Lines 37 to 40 in e72d835

val rename: t -> t
(** Creates an identifier with the same name as the input, a fresh
stamp, and no scope.
@raise [Fatal_error] if called on a persistent / predef ident. *)

However it is not the case because when compiling a module we use a certain stamp generator and another one is used when compiling another module. Thus we can have stamp collisions between different modules.

For example when modifying the function rename in ident.ml to

let rename = function
  | Local { name; stamp = _ }
  | Scoped { name; stamp; scope = _ } ->
      incr currentstamp;
      if name = "H" then Format.printf "H(%i -> %i)\n" stamp !currentstamp;
      Local { name; stamp = !currentstamp }
  | id ->
      Misc.fatal_errorf "Ident.rename %s" (name id)
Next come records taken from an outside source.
Definition SP (F : fieldType) (N d : nat) (r : nat)
  (Lam : 'I_d -> 'M[F]_(N.+1)) (A : {set 'I_d}) : Prop :=
  forall j, j \in A -> forall L : 'M[F]_(N.+1), \rank L = r.+1 ->
    (forall i, i \in A -> i != j -> meets L (Lam i)) -> meets L (Lam j).

(* The j-th consecutive block (0-indexed) of sizes ds. *)
Definition block (d m : nat) (ds : 'I_m -> nat) (j : nat) : {set 'I_d} :=
  [set i : 'I_d | (\sum_(l < m | (l < j)%N) ds l <= i)%N
                  && (i < \sum_(l < m | (l <= j)%N) ds l)%N].

From HB Require Import structures.
From mathcomp Require Import all_boot all_order all_algebra.
From mathcomp Require Import zify.
From Stdlib Require Import Classical_Prop.
Set Implicit Arguments. Unset Strict Implicit. Unset Printing Implicit Defensive.
Import Order.TTheory GRing.Theory Num.Theory.
Local Open Scope ring_scope.

(* Write S_j for the span of the j-th block, Y := S_m and
   c_j := rank S_j + 1 - k, so that (iii) reads c_j + 1 + ε_j ≤ d_j and it
   suffices to show rank (S_1 + ... + S_m) < rank Y + Σ_{j<m} c_j.
   Otherwise Rado's theorem for subspaces yields a nonempty set J of blocks
   and a subspace N with N ∩ (Y + Σ_{j∉J} S_j) = 0 and rank (N ∩ S_j) ≥ c_j
   for j ∈ J; such an N meets every Λ_i of the blocks in J.  Pick j ∈ J:
   as SP(n-k) fails off D_j, there are q ∉ D_j and an (n-k)-plane L meeting
   every Λ_i with i ∉ D_j, i ≠ q, but not Λ_q, and SP(n-k) on the blocks of
   J puts q outside them.  Then (L ∩ (Y + Σ_{j∉J} S_j)) + N meets every Λ_i
   with i ≠ q but misses Λ_q; enlarged to an (n-k)-plane still missing Λ_q,
   it contradicts SP(n-k) for the whole family. *)

Lemma sum_setD (I : finType) (c : I -> nat) (J K : {set I}) : J \subset K ->
  (\sum_(j in K) c j = \sum_(j in J) c j + \sum_(j in K :\: J) c j)%N.
Proof. by move=> sJK; rewrite (big_setID J) (setIidPr sJK). Qed.

Lemma sum_subn_pred1 (I : finType) (c : I -> nat) (j0 : I) (J : {set I}) :
  (0 < c j0)%N ->
  (\sum_(j in J) (c j - (j == j0)) = \sum_(j in J) c j - (j0 \in J))%N.
Proof.
move=> cj0; have [j0J | j0J] := boolP (j0 \in J); last first.
  rewrite subn0; apply: eq_bigr => j jJ.
  have : j != j0 by apply: contraNneq j0J => <-.
  by move/negbTE->; rewrite subn0.
rewrite !(big_setD1 j0 j0J) eqxx /=.
rewrite (eq_bigr c) => [|j /setD1P[/negbTE-> _]]; last exact: subn0.
lia.
Qed.

Lemma sum_Posz (I : finType) (P : pred I) (f : I -> nat) :
  \sum_(i | P i) (f i)%:Z = (\sum_(i | P i) f i)%N%:Z.
Proof. by rewrite (big_morph Posz PoszD (erefl _)). Qed.

Lemma card_ord_lt m t : (t <= m)%N -> #|[set j : 'I_m | (j < t)%N]| = t.
Proof.
move=> tm; rewrite -sum1_card (eq_bigl (fun j : 'I_m => j < t)%N) => [|j].
  by rewrite -(big_ord_widen _ (fun _ => 1%N) tm) sum1_card card_ord.
by rewrite inE.
Qed.

Lemma rank_lt_to_pdim_le (I : finType) (K : {set I}) (a b : nat)
    (c e s : I -> nat) :
  (a < b + \sum_(j in K) c j)%N ->
  (forall j, j \in K -> c j + 1 + e j <= s j)%N ->
  a%:Z - 1 <= b%:Z - 1 + \sum_(j in K) ((s j)%:Z - (e j)%:Z) - (#|K|.+1)%:Z.
Proof.
move=> lt_ab le_ces.
have : (\sum_(j in K) (c j + 1 + e j) <= \sum_(j in K) s j)%N by apply: leq_sum.
by rewrite sumrB !sum_Posz !big_split /= sum1_card; lia.
Qed.

Section Subspaces.
Variables (F : fieldType) (n : nat).
Implicit Types L A Y : 'M[F]_n.

Lemma capmx_addsmx_eq0 m1 m2 m3 m4 (A : 'M[F]_(m1, n)) (B : 'M_(m2, n))
    (Y : 'M_(m3, n)) (Z : 'M_(m4, n)) : (A <= Z)%MS -> (Y <= Z)%MS ->
  (B :&: Z)%MS = 0 -> (A :&: Y)%MS = 0 -> ((A + B) :&: Y)%MS = 0.
Proof.
move=> sAZ sYZ BZ0 AY0; apply/eqP; rewrite -submx0 -AY0 sub_capmx capmxSr andbT.
apply: submx_trans (capmxS (submx_refl _) sYZ) _.
by rewrite -(matrix_modl B sAZ) BZ0 addsmx0.
Qed.

Lemma capmx_neq0_rank m1 m2 m3 (A : 'M[F]_(m1, n)) (B : 'M_(m2, n))
    (C : 'M_(m3, n)) : (A <= C)%MS -> (B <= C)%MS ->
  (\rank C < \rank A + \rank B)%N -> (A :&: B)%MS != 0.
Proof.
move=> sAC sBC ltC; rewrite -mxrank_eq0 -lt0n.
have /mxrankS : (A + B <= C)%MS by rewrite addsmx_sub sAC.
by have := mxrank_sum_cap A B; lia.
Qed.

Lemma rV_capmx_eq0 (v : 'rV[F]_n) Y : ~~ (v <= Y)%MS -> (v :&: Y)%MS = 0.
Proof.
move=> vY; apply/eqP; rewrite -mxrank_eq0; apply: contraNT vY => nz.
have : (\rank v <= \rank (v :&: Y))%N.
  by rewrite rank_rV (leq_trans (leq_b1 _)) // lt0n.
rewrite (geq_leqif (mxrank_leqif_sup (capmxSl v Y))).
by move/submx_trans; apply; apply: capmxSr.
Qed.

Lemma complement_ext L A : (L :&: A)%MS = 0 ->
  exists L', [/\ (L <= L')%MS, (\rank L' + \rank A)%N = n & (L' :&: A)%MS = 0].
Proof.
move=> LA0; set C := ((L + A)^C)%MS.
have L'A0 : ((L + C) :&: A)%MS = 0.
  apply: (capmx_addsmx_eq0 (addsmxSl L A) (addsmxSr L A)) => //.
  by rewrite capmxC capmx_compl.
exists (L + C)%MS; split; rewrite ?addsmxSl // -mxrank_disjoint_sum //.
apply/eqP; rewrite -[_ == n]/(row_full _) -sub1mx.
apply: submx_trans (_ : 1%:M <= L + A + C)%MS _.
  by rewrite sub1mx addsmx_compl_full.
by rewrite -!addsmxA [(A + _)%MS]addsmxC.
Qed.

Lemma sumsmx_subset (I : finType) (S : I -> 'M[F]_n) (J K : {set I}) :
  J \subset K -> (\sum_(j in J) S j <= \sum_(j in K) S j)%MS.
Proof.
move=> sJK; apply/sumsmx_subP => j jJ.
by apply: (sumsmx_sup j) => //; apply: (subsetP sJK).
Qed.

Lemma sumsmx_setU (I : finType) (S : I -> 'M[F]_n) (J K : {set I}) :
  (\sum_(j in J :|: K) S j :=: \sum_(j in J) S j + \sum_(j in K) S j)%MS.
Proof.
apply/eqmxP/andP; split.
  apply/sumsmx_subP => j; rewrite inE => /orP[] jJ.
    by rewrite (submx_trans _ (addsmxSl _ _)) // (sumsmx_sup j).
  by rewrite (submx_trans _ (addsmxSr _ _)) // (sumsmx_sup j).
by rewrite addsmx_sub !sumsmx_subset ?subsetUl ?subsetUr.
Qed.

Lemma sumsmx_bigcup (I T : finType) (f : T -> 'M[F]_n) (B : I -> {set T})
    (K : {set I}) :
  (\sum_(t in \bigcup_(l in K) B l) f t
     :=: \sum_(l in K) \sum_(t in B l) f t)%MS.
Proof.
apply/eqmxP/andP; split; apply/sumsmx_subP.
  move=> t /bigcupP[l lK tl]; apply: (sumsmx_sup l) => //.
  exact: (sumsmx_sup t).
by move=> l lK; apply: sumsmx_subset; apply: (bigcup_sup l).
Qed.

End Subspaces.

Section Rado.
Variables (F : fieldType) (n : nat) (I : finType) (S : I -> 'M[F]_n).
Implicit Types (Y N : 'M[F]_n) (c : I -> nat) (J K : {set I}).

Definition hall_condition Y c K := forall J, J \subset K ->
  (\rank Y + \sum_(j in J) c j <= \rank (Y + \sum_(j in J) S j))%N.

Definition transversal Y c K N :=
  [/\ (N <= \sum_(j in K) S j)%MS, (N :&: Y)%MS = 0
    & forall j, j \in K -> (c j <= \rank (N :&: S j))%N].

Lemma hall_condition_subset Y c J K :
  J \subset K -> hall_condition Y c K -> hall_condition Y c J.
Proof. by move=> sJK hK J' sJ'J; apply/hK/(subset_trans sJ'J). Qed.

Lemma rank_addsmx_sumsmx_setU Y J K :
  \rank (Y + \sum_(j in J :|: K) S j)%MS
    = \rank (Y + \sum_(j in J) S j + \sum_(j in K) S j)%MS.
Proof. by rewrite -addsmxA (adds_eqmx (eqmx_refl Y) (sumsmx_setU S J K)). Qed.

Lemma hall_condition_contract Y c J K : J \subset K ->
  (\rank (Y + \sum_(j in J) S j) <= \rank Y + \sum_(j in J) c j)%N ->
  hall_condition Y c K -> hall_condition (Y + \sum_(j in J) S j)%MS c (K :\: J).
Proof.
move=> sJK tight hK J' sJ'.
have sUK : J :|: J' \subset K.
  by rewrite subUset sJK (subset_trans sJ') ?subsetDl.
have dJ'J : [disjoint J' & J].
  by rewrite disjoints_subset (subset_trans sJ') // setDE subsetIr.
have := hK _ sUK; rewrite rank_addsmx_sumsmx_setU.
by rewrite (sum_setD c (subsetUl J J')) setDUl setDv set0U (setDidPl dJ'J); lia.
Qed.

Lemma transversal_split Y c J K N1 N2 : J \subset K ->
  transversal Y c J N1 ->
  transversal (Y + \sum_(j in J) S j)%MS c (K :\: J) N2 ->
  transversal Y c K (N1 + N2)%MS.
Proof.
move=> sJK [sN1 N1Y rN1] [sN2 N2Y rN2]; split.
- by rewrite addsmx_sub (submx_trans sN1) ?(submx_trans sN2) ?sumsmx_subset
     ?subsetDl.
- apply: (capmx_addsmx_eq0 _ (addsmxSl _ _) N2Y N1Y).
  exact: submx_trans sN1 (addsmxSr _ _).
- move=> j jK; have [jJ | jJ] := boolP (j \in J).
    by apply: leq_trans (rN1 j jJ) (mxrankS (capmxS (addsmxSl _ _) _)).
  have jKJ : j \in K :\: J by rewrite inE jJ.
  by apply: leq_trans (rN2 j jKJ) (mxrankS (capmxS (addsmxSr _ _) _)).
Qed.

Section AddVector.
Variables (Y : 'M[F]_n) (c : I -> nat) (K : {set I}) (j0 : I) (v : 'rV[F]_n).
Hypotheses (j0K : j0 \in K) (vS : (v <= S j0)%MS) (vY : ~~ (v <= Y)%MS).

Let c' j := (c j - (j == j0))%N.

Let rank_v : \rank v = 1%N.
Proof. by rewrite rank_rV; case: eqP vY => // ->; rewrite sub0mx. Qed.

Lemma rank_addsmx_rV : \rank (v + Y)%MS = (\rank Y).+1.
Proof. by rewrite mxrank_disjoint_sum ?rV_capmx_eq0 // rank_v. Qed.

Lemma hall_condition_add_vector : (0 < c j0)%N ->
  (forall J, J \subset K -> J != set0 -> J != K ->
     \rank Y + \sum_(j in J) c j < \rank (Y + \sum_(j in J) S j))%N ->
  hall_condition Y c K -> hall_condition (v + Y)%MS c' K.
Proof.
move=> cj0 slack hK J sJK; rewrite sum_subn_pred1 // rank_addsmx_rV.
have sYvY := addsmxS (addsmxSr v Y) (submx_refl (\sum_(j in J) S j)%MS).
have [j0J | j0J] := boolP (j0 \in J).
  have sum_gt0 : (0 < \sum_(j in J) c j)%N.
    by rewrite (big_setD1 j0 j0J) ltn_addr.
  by rewrite subn1 addSnnS prednK // (leq_trans (hK J sJK)) ?mxrankS.
rewrite subn0; have [-> | J0] := eqVneq J set0.
  by rewrite !big_set0 addsmx0 addn0 rank_addsmx_rV.
have JK : J != K by apply: contraNneq j0J => ->.
by rewrite addSn (leq_trans (slack J sJK J0 JK)) ?mxrankS.
Qed.

Lemma transversal_add_vector N :
  transversal (v + Y)%MS c' K N -> transversal Y c K (v + N)%MS.
Proof.
move=> [sN NvY rN]; split.
- by rewrite addsmx_sub sN (sumsmx_sup j0).
- exact: capmx_addsmx_eq0 (addsmxSl _ _) (addsmxSr _ _) NvY (rV_capmx_eq0 vY).
- move=> j jK; have := rN j jK; rewrite /c'.
  have [-> | _] := eqVneq j j0; last first.
    by rewrite subn0 => /leq_trans; apply; rewrite mxrankS ?capmxS ?addsmxSr.
  rewrite subn1 => cN.
  have vN0 : (v :&: (N :&: S j0))%MS = 0.
    by apply/eqP; rewrite -submx0 -NvY capmxC capmxS ?capmxSl ?addsmxSl.
  have sub : (v + N :&: S j0 <= (v + N) :&: S j0)%MS.
    by rewrite sub_capmx addsmxS ?capmxSl //= addsmx_sub vS capmxSr.
  apply: leq_trans (mxrankS sub); rewrite mxrank_disjoint_sum // rank_v.
  by rewrite add1n (leq_trans (leqSpred _)).
Qed.

End AddVector.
We clearly see examples when compiling the whole compiler of modules being compiled with rename reducing the stamp of a identifier. Thus showing that the invariant for generating a fresh stamp is broken.

Is the fact that the stamp is not fresh (even if the documentation says so) an accepted behavior or something uncontrolled ?

PS : As a consequence, during the stap OCAMLOPT ocamldoc/odoc_ast.cmx of compilation the comparison function between identifiers is called on 2 identifiers with the same stamp and different names.

@lpw25
Copy link
Contributor

lpw25 commented Mar 18, 2024

Stamps from other modules are lazyily freshened on import via a substitution. I would say the documentation is correct. If you find a place where the stamps are not being freshened appropriately on import that is a bug. Feel free to open a more specific issue if you have such an example.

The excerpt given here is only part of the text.